La situación crítica de Grecia, que paradójicamente no ha hecho sino empeorar desde entonces a pesar de los rescates aplicados y las medidas impuestas, fue el motivo de que arreciaran las presiones sobre España –incluida junto con Portugal, Irlanda y Grecia en el grupo de países puestos en el punto de mira de los analistas económicos bajo el ofensivo acrónimo PIGS-, desde la preocupación por una caída de nuestra economía que pudiera arrastrar al euro a una crisis letal. La disciplina que se nos exigió para salvar la economía y poder responder de nuestra deuda –no sólo la pública, sino también la privada, mucho mayor que la primera- condujo al gobierno a tomar decisiones drásticas en cuanto a recortes de gasto para llegar a 2013 con un déficit público del 3 por ciento del PIB. La cuestión es que con ese recorte se producía una quiebra innegable de la línea seguida hasta ese momento por la acción política del gobierno. El intento de reactivar la economía con medidas de corte keynesiano que dinamizaran la demanda quedaba atrás, y con él la perspectiva de encauzar sobre raíles socialdemócratas la salida de la crisis.

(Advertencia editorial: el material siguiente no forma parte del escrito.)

(* Let $g_1,\dots,g_r\in\mathbb R[X_1,\dots,X_n]$ satisfy $1-\|\mathbf X\|_2^2\in\mathcal Q(\mathbf g)$ and $\|g_i\|\le\tfrac12$, with $S=\mathcal S(\mathbf g)\ne\emptyset$. Let $f\in\mathbb R[\mathbf X]$ with $f^*=\min_S f>0$, let $A=\{x\in[-1,1]^n: f(x)\le\frac{3f^*}{4}\}$, and let $0<\delta\le 1$ be such that $G(x)\ge\delta$ for all $x\in A$. Let $k>0$, $m\in\mathbb N$ and let $h_{k,m}\in\mathbb R[T]$ be a univariate polynomial of degree $m$ such that: $1-\frac1k\le h_{k,m}(t)\le1+\frac1k$ for $t\in[-1,-\delta]$; $h_{k,m}(t)\le\frac2k$ for $t\in[0,1]$; $0\le h_{k,m}(t)\le1+\frac1k$ for $t\in[-1,1]$. Let $s>0$. If $$s>\frac{6\|f\|}{\delta},\qquad k>\frac{2r-2}{\delta}+1,\qquad k>\frac{4rs}{f^*},$$ then $p=f-s\sum_{i=1}^r h_{k,m}(g_i)\,g_i$ satisfies $p\ge\frac{f^*}{2}$ on $[-1,1]^n$.
   Context: $\Sigma^2$ sums of squares, $\mathcal S(\mathbf g)=\{x:g_i(x)\ge0\ \forall i\}$, $\mathcal Q(\mathbf g)=\Sigma^2+\sum_i\Sigma^2g_i$, $\|h\|=\max_{[-1,1]^n}|h|$, $\|\mathbf X\|_2^2=\sum X_i^2$, $G(x)=|\min\{g_1(x),\dots,g_r(x),0\}|$. *)

From HB Require Import structures.
From mathcomp Require Import all_boot all_order all_algebra.
From mathcomp Require Import reals.
From mathcomp Require Import mpoly.
Set Implicit Arguments. Unset Strict Implicit. Unset Printing Implicit Defensive.
Import Order.TTheory GRing.Theory Num.Theory.
Local Open Scope ring_scope.

Section Defs.
Variables (R : realType) (n r : nat).

Definition is_sos (p : {mpoly R[n]}) : Prop :=
  exists s : seq {mpoly R[n]}, p = \sum_(q <- s) q ^+ 2.

Definition in_qmodule (g : 'I_r -> {mpoly R[n]}) (p : {mpoly R[n]}) : Prop :=
  exists (s0 : {mpoly R[n]}) (s : 'I_r -> {mpoly R[n]}),
    is_sos s0 /\ (forall i, is_sos (s i)) /\ p = s0 + \sum_(i < r) s i * g i.

Definition in_cube (x : 'I_n -> R) : Prop := forall i, -1 <= x i <= 1.

Definition in_S (g : 'I_r -> {mpoly R[n]}) (x : 'I_n -> R) : Prop :=
  forall i, 0 <= (g i).@[x].

(* ||h|| = max_{[-1,1]^n} |h| (a max, realised as the supremum) *)
Definition supnorm (h : {mpoly R[n]}) : R :=
  sup (fun t : R => exists x, in_cube x /\ t = `|h.@[x]|).

Definition sqnormX : {mpoly R[n]} := \sum_(i < n) 'X_i ^+ 2.

Definition Gfun (g : 'I_r -> {mpoly R[n]}) (x : 'I_n -> R) : R :=
  `| \big[Num.min/0]_(i < r) (g i).@[x] |.

End Defs.

(** On the cube every [|g_i| <= 1/2], so each penalty term [h(g_i) g_i] is at
    most [1/k] ([h <= 2/k] on [[0,1]], [h >= 0] on [[-1,1]]); by the choice of
    [k] the penalty then costs less than [f*/4], which settles the points where
    [f > 3 f*/4].  Elsewhere some [g_j <= -delta], and there [h(g_j) >= 1 - 1/k],
    so that term alone subtracts at least [s (1 - 1/k) delta], more than twice
    what the other [r - 1] terms can add back.  Since [s delta > 6 ||f||], this
    outweighs [||f|| + f*/2 <= 3/2 ||f||]; here [f* <= ||f||] because the
    quadratic module forces [S] into the cube. *)
From HB Require Import structures.
From mathcomp Require Import all_boot all_order all_algebra.
From mathcomp Require Import reals.
From mathcomp Require Import mpoly.
From mathcomp Require Import ring lra.
Import Order.TTheory GRing.Theory Num.Theory.
Set Implicit Arguments. Unset Strict Implicit.
Local Open Scope ring_scope.

Section RealBounds.
Variable R : realFieldType.

Lemma sum_le_with_one_term (I : finType) (c : I -> R) (a b : R) (j : I) :
  (forall i, c i <= a) -> c j <= b ->
  \sum_i c i <= b + (#|I|%:R - 1) * a.
Proof.
move=> c_le cj_le; rewrite (bigD1 j) //= lerD //.
have : \sum_(i : I) a = #|I|%:R * a by rewrite sumr_const mulr_natl.
rewrite (bigD1 j) //=.
have : \sum_(i | i != j) c i <= \sum_(i | i != j) a by apply: ler_sum.
lra.
Qed.

Section PenaltyTerm.
Variables (phi : R -> R) (k : R).

Lemma penalty_term_le (t : R) : 0 < k ->
  (forall u, 0 <= u <= 1 -> phi u <= 2 / k) ->
  (forall u, -1 <= u <= 1 -> 0 <= phi u) ->
  `|t| <= 1 / 2 -> phi t * t <= 1 / k.
Proof.
move=> k_gt0 phi_le phi_ge0; rewrite ler_norml => /andP[t_lo t_hi].
have phit_ge0 : 0 <= phi t by apply: phi_ge0; lra.
have a_gt0 : 0 < 1 / k by rewrite divr_gt0.
have [t_ge0|t_lt0] := leP 0 t; last by nra.
have : phi t <= 2 / k by apply: phi_le; lra.
rewrite div1r; move: k^-1 => a; nra.
Qed.

Lemma penalty_term_le_violated (delta t : R) :
  0 <= delta -> 1 <= k ->
  (forall u, -1 <= u <= - delta -> 1 - 1 / k <= phi u) ->
  -1 <= t <= - delta -> phi t * t <= - ((1 - 1 / k) * delta).
Proof.
move=> delta_ge0 k_ge1 phi_ge t_in; have := phi_ge t t_in.
have : 1 / k <= 1 by rewrite ler_pdivrMr ?mul1r //; lra.
move: t_in (1 / k) => /andP[t_lo t_hi] a; nra.
Qed.

End PenaltyTerm.

Lemma penalized_ge_of_large_value (fstar s k r fx sigma : R) :
  0 < s -> 0 < fstar -> 0 < k -> 4 * r * s / fstar < k ->
  3 * fstar / 4 < fx -> sigma <= r * (1 / k) ->
  fstar / 2 <= fx - s * sigma.
Proof.
move=> s_gt0 fs_gt0 k_gt0; rewrite ltr_pdivrMr // => hk fx_gt.
have a_gt0 : 0 < 1 / k by rewrite divr_gt0.
have ak : 1 / k * k = 1 by rewrite div1r mulVf ?gt_eqF.
move: (1 / k) a_gt0 ak => a a_gt0 ak sigma_le.
have : s * sigma <= s * (r * a) by rewrite ler_pM2l.
nra.
Qed.

Lemma penalized_ge_of_violation (F fstar s delta k r fx sigma : R) :
  0 < s -> 0 < fstar -> 0 < delta -> delta <= 1 -> 1 <= r -> fstar <= F ->
  6 * F / delta < s -> (2 * r - 2) / delta + 1 < k -> 4 * r * s / fstar < k ->
  - F <= fx -> sigma <= - ((1 - 1 / k) * delta) + (r - 1) * (1 / k) ->
  fstar / 2 <= fx - s * sigma.
Proof.
move=> s_gt0 fs_gt0 d_gt0 d_le1 r_ge1 fs_le.
rewrite ltr_pdivrMr // => hs; rewrite -ltrBrDr ltr_pdivrMr // => hk1.
rewrite ltr_pdivrMr // => hk2 fx_ge sigma_le.
have k_gt0 : 0 < k by nra.
have fs_lt : 6 * fstar < s by nra.
have k_ge2 : 2 <= k by nra.
set B := - ((1 - 1 / k) * delta) + (r - 1) * (1 / k) in sigma_le.
have kB : k * B = - ((k - 1) * delta) + (r - 1) by rewrite /B; field; rewrite gt_eqF.
have B_le : B <= - (delta / 4).
  by rewrite -(ler_pM2l k_gt0) kB; nra.
have : s * sigma <= s * B by rewrite ler_pM2l.
nra.
Qed.

End RealBounds.

Section Polynomials.
Variables (R : realType) (n : nat).
Implicit Types (p q : {mpoly R[n]}) (x : 'I_n -> R).

Lemma norm_meval_le_sum_coef q x :
  in_cube x -> `|q.@[x]| <= \sum_(m <- msupp q) `|q@_m|.
Proof.
move=> x_cube; rewrite mevalE; apply: le_trans (ler_norm_sum _ _ _) _.
apply: ler_sum => m _; rewrite normrM -[leRHS]mulr1 ler_wpM2l // normr_prod.
apply: prodr_ile1 => i _; rewrite normrX exprn_ge0 //= exprn_ile1 //.
by rewrite ler_norml; exact: x_cube.
Qed.

Lemma norm_meval_le_supnorm q x : in_cube x -> `|q.@[x]| <= supnorm q.
Proof.
move=> x_cube; apply: ub_le_sup; last by exists x.
exists (\sum_(m <- msupp q) `|q@_m|) => _ [y [y_cube ->]].
exact: norm_meval_le_sum_coef.
Qed.

Lemma sos_meval_ge0 p x : is_sos p -> 0 <= p.@[x].
Proof.
case=> sq ->; rewrite rmorph_sum /=; apply: sumr_ge0 => q _.
by rewrite rmorphXn /= sqr_ge0.
Qed.

Lemma in_cube_of_sqnormX_le1 x : (sqnormX R n).@[x] <= 1 -> in_cube x.
Proof.
rewrite /sqnormX rmorph_sum /= => norm_le1 i.
have : x i ^+ 2 <= 1.
  apply: le_trans norm_le1; rewrite (bigD1 i) //= rmorphXn /= mevalXU lerDl.
  by apply: sumr_ge0 => j _; rewrite rmorphXn /= sqr_ge0.
by move=> sq_le1; apply/andP; split; nra.
Qed.

End Polynomials.

Section Constraints.
Variables (R : realType) (n r : nat) (g : 'I_r -> {mpoly R[n]}).
Implicit Types (p : {mpoly R[n]}) (x : 'I_n -> R).

Lemma qmodule_meval_ge0 p x : in_qmodule g p -> in_S g x -> 0 <= p.@[x].
Proof.
case=> s0 [s [s0_sos [s_sos ->]]] x_S.
rewrite mevalD rmorph_sum /= addr_ge0 ?sos_meval_ge0 //.
apply: sumr_ge0 => i _; rewrite mevalM.
by apply: mulr_ge0; [exact: sos_meval_ge0 | exact: x_S].
Qed.

Lemma in_cube_of_in_S x :
  in_qmodule g (1 - sqnormX R n) -> in_S g x -> in_cube x.
Proof.
move=> /qmodule_meval_ge0 ge0 /ge0; rewrite mevalB meval1 subr_ge0.
exact: in_cube_of_sqnormX_le1.
Qed.

Lemma Gfun_ge_violated x delta :
  0 < delta -> delta <= Gfun g x -> exists j, (g j).@[x] <= - delta.
Proof.
move=> delta_gt0; rewrite /Gfun ler0_norm ?bigmin_le_id // lerNr => min_le.
have [j|none] := pickP (fun j => (g j).@[x] <= - delta); first by exists j.
suff : - delta < \big[Num.min/0]_(i < r) (g i).@[x] by rewrite ltNge min_le.
apply/bigmin_gtP; split.
  by rewrite oppr_lt0.
by move=> i _; rewrite ltNge none.
Qed.

End Constraints.

Theorem mainTheorem8 (R : realType) (n r : nat) (g : 'I_r -> {mpoly R[n]})
  (f : {mpoly R[n]}) (fstar delta k : R) (m : nat) (h : {poly R}) (s : R) :
  in_qmodule g (1 - sqnormX R n) ->
  (forall i, supnorm (g i) <= 1 / 2) ->
  (exists x, in_S g x) ->
  (exists2 x, in_S g x & f.@[x] = fstar) ->
  (forall x, in_S g x -> fstar <= f.@[x]) ->
  0 < fstar ->
  0 < delta -> delta <= 1 ->
  (forall x, in_cube x -> f.@[x] <= 3 * fstar / 4 -> delta <= Gfun g x) ->
  0 < k ->
  size h = m.+1 ->
  (forall t, -1 <= t <= - delta -> 1 - 1 / k <= h.[t] <= 1 + 1 / k) ->
  (forall t, 0 <= t <= 1 -> h.[t] <= 2 / k) ->
  (forall t, -1 <= t <= 1 -> 0 <= h.[t] <= 1 + 1 / k) ->
  0 < s ->
  s > 6 * supnorm f / delta ->
  k > (2 * r%:R - 2) / delta + 1 ->
  k > 4 * r%:R * s / fstar ->
  forall x, in_cube x ->
    fstar / 2 <= f.@[x] - s * \sum_(i < r) h.[(g i).@[x]] * (g i).@[x].
Proof.
move=> qmod g_small _ [x0 x0_S fx0] _ fs_gt0 d_gt0 d_le1 violated k_gt0 _
  h_violated h_pos h_range s_gt0 s_big k_big1 k_big2 x x_cube.
have g_half i : `|(g i).@[x]| <= 1 / 2.
  exact: le_trans (norm_meval_le_supnorm _ x_cube) (g_small i).
have term_le i : h.[(g i).@[x]] * (g i).@[x] <= 1 / k.
  by apply: penalty_term_le => // u /h_range /andP[].
have fs_le : fstar <= supnorm f.
  rewrite -fx0; apply: le_trans (ler_norm _) _.
  exact: norm_meval_le_supnorm (in_cube_of_in_S qmod x0_S).
have [f_small|f_large] := leP f.@[x] (3 * fstar / 4); last first.
  apply: penalized_ge_of_large_value k_big2 f_large _ => //.
  apply: le_trans (ler_sum _ (fun i _ => term_le i)) _.
  by rewrite sumr_const card_ord mulr_natl.
have [j gj_le] := Gfun_ge_violated d_gt0 (violated x x_cube f_small).
have r_ge1 : 1 <= r%:R :> R by rewrite ler1n (leq_ltn_trans _ (ltn_ord j)).
apply: (penalized_ge_of_violation _ _ _ _ r_ge1 fs_le s_big k_big1 k_big2) => //.
  by move: (norm_meval_le_supnorm f x_cube); rewrite ler_norml => /andP[].
rewrite -[r in r%:R]card_ord; apply: sum_le_with_one_term term_le _.
apply: penalty_term_le_violated; first exact: ltW.
- apply: le_trans (ltW k_big1); rewrite lerDr divr_ge0 ?(ltW d_gt0) //; lra.
- by move=> u /h_violated /andP[].
- by have := g_half j; rewrite ler_norml; lra.
Qed.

Las políticas de ajuste venían diseñadas según patrones neoliberales, impuestas desde poderes financieros que, una vez repuestos de sus debilidades gracias al apoyo público, se volvían contra los Estados para hacer recaer sobre ellos y sobre los ciudadanos los costes de una crisis cuyo origen radica en la desregulación de los mercados financieros que los ideólogos del neoliberalismo habían bendecido.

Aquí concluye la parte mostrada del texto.